# new to the forum... please help!



## sparrow (Mar 16, 2009)

hi, im sparrow,

my husband of 2 years and i just split up about 3 weeks ago, and im having a very hard time coping. the general reason for our splitup was because of fundamental differences in lifestyle. he is a super clean freak and i am... well, not. we have 2 kids, both under 5, and its been a struggle for me to live up to his expectations as a wife and mother, our daughter has had big behavior issues, regarding past abuse by her father(not my husband). but in general, i felt like we had a happy family. my husband and i are great friends, and that is one of the reasons i love him so much, because more than a husband, he is my best friend. 

i want to work on saving the marriage, as does he, but he keeps saying that although he misses me very much, he is much happier in his own home now, because he can have it as clean as he wants, and my temper problems about the issue are not around. we are going to marriage counselling, for the first time today, but im very concerned about whether or not its going to work out or not. im heartbroken to feel that im losing my husband, and very angry at myself and him for the entire situation. any advice?


----------



## MarkTwain (Aug 1, 2008)

sparrow-

I get the feeling this is an almost un-conquerable situation.

If he is clean to the point of OCD, he will only be able to let go for short periods, before reverting to type.
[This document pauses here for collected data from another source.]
Lemma eq_uptoXnM d e p q : eq_upto (d - e) p q -> eq_upto d ('X^e * p) ('X^e * q).
Proof.
move=> /eq_uptoP epq; apply/eq_uptoP => i lei.
by rewrite !coefXnM; case: ifP => // _; rewrite epq ?leq_sub2r.
Qed.

Lemma eq_uptoXnM0 d e p : (d < e)%N -> eq_upto d ('X^e * p) 0.
Proof.
by move=> ltde; apply/eq_uptoP => i lei; rewrite coefXnM coef0 ifT // (leq_ltn_trans lei).
Qed.

Lemma eq_upto_prod1 d m n : (d < m)%N -> eq_upto d (\prod_(m <= i < n) (1 - 'X^i)) 1.
Proof.
move=> ltdm; rewrite big_seq_cond; apply: (big_ind (fun p => eq_upto d p 1)).
- exact: eq_upto_refl.
- by move=> p q ep eq; rewrite -[1](mulr1 1); apply: eq_uptoM.
move=> i /andP[]; rewrite mem_index_iota => /andP[lemi _] _; apply/eq_uptoP => j lejd.
rewrite coefB coef1 coefXn (_ : (j == i) = false) ?subr0 //.
by apply/negbTE; rewrite neq_ltn (leq_ltn_trans lejd) // (leq_trans ltdm).
Qed.

Lemma eq_upto_inv_uniq d u p q :
  eq_upto d (p * u) 1 -> eq_upto d (q * u) 1 -> eq_upto d p q.
Proof.
move=> epu equ; apply: (@eq_upto_trans _ _ (p * (q * u))).
  by rewrite -{1}[p]mulr1; apply: eq_uptoM (eq_upto_refl _ _) (eq_upto_sym equ).
by rewrite mulrCA -{2}[q]mulr1; apply: eq_uptoM (eq_upto_refl _ _) epu.
Qed.

End TruncatedEquality.

Lemma gauss_qpoch_subn_upto d N r : (r <= N)%N -> (d <= r)%N ->
  eq_upto d (gauss N r * qpoch (N - r)) 1.
Proof.
move=> lerN ledr.
suff -> : gauss N r * qpoch (N - r) = \prod_(r.+1 <= i < N.+1) (1 - 'X^i).
  exact: eq_upto_prod1.
apply: (@mulIf _ (qpoch r)); first exact: qpoch_neq0.
by rewrite mulrAC gauss_qpoch // (qpoch_split lerN) mulrC.
Qed.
He will be a rock against which you will be perpetually banging your head.

Perhaps he has let you off the hook. Men are seldom very flexible when they have a bad habit. And yes putting cleanliness above all else is a bad habit. To him it is non-negotiable, so you will always be arguing unless you are prepared to knuckle down to his regime. 

The trouble is, if he has OCD, it will probably get worse over time, unless he is willing to tackle it. OCD people seldom like to tackle anything - I have a very mild touch of it, so I can empathise (though it's not about being clean and tidy, it's more about checking things are done right). However, I allow my wife to challenge me, and that keeps me down to earth. The latest thinking on the subject says that people with OCD should play with their (OCD) boundaries and accept challenges, becuase that constantly proves to them that most of their fears are unfounded.

If he won't play in this way, you are in for a hard life.


----------



## sparrow (Mar 16, 2009)

thank you for the reply!

im not so sure its OCD, persay, because even he admits he cant live up to his desired standards. we just have different ideas of what a "clean house" is. 

however, we have done some talking, and ive realized that i have been rather slobby in the past, and not really put much effort into keeping up the house, on my part. he is by no means opposed to cleaning as well, i just feel that he wants the house overly clean, especially with 2 small kids running around nonstop. 

i wonder... do i need to put more effort in, and compromise more, or does he need to accept me for who i am, regardless of mess?


----------



## MarkTwain (Aug 1, 2008)

OCD people tend to like things done in a certain way, and it often makes no sense. My OCD friend is over hygienic, yet if he drops food on the floor, he can pick it up and still eat it.

The other thing to look out for is ritual.


----------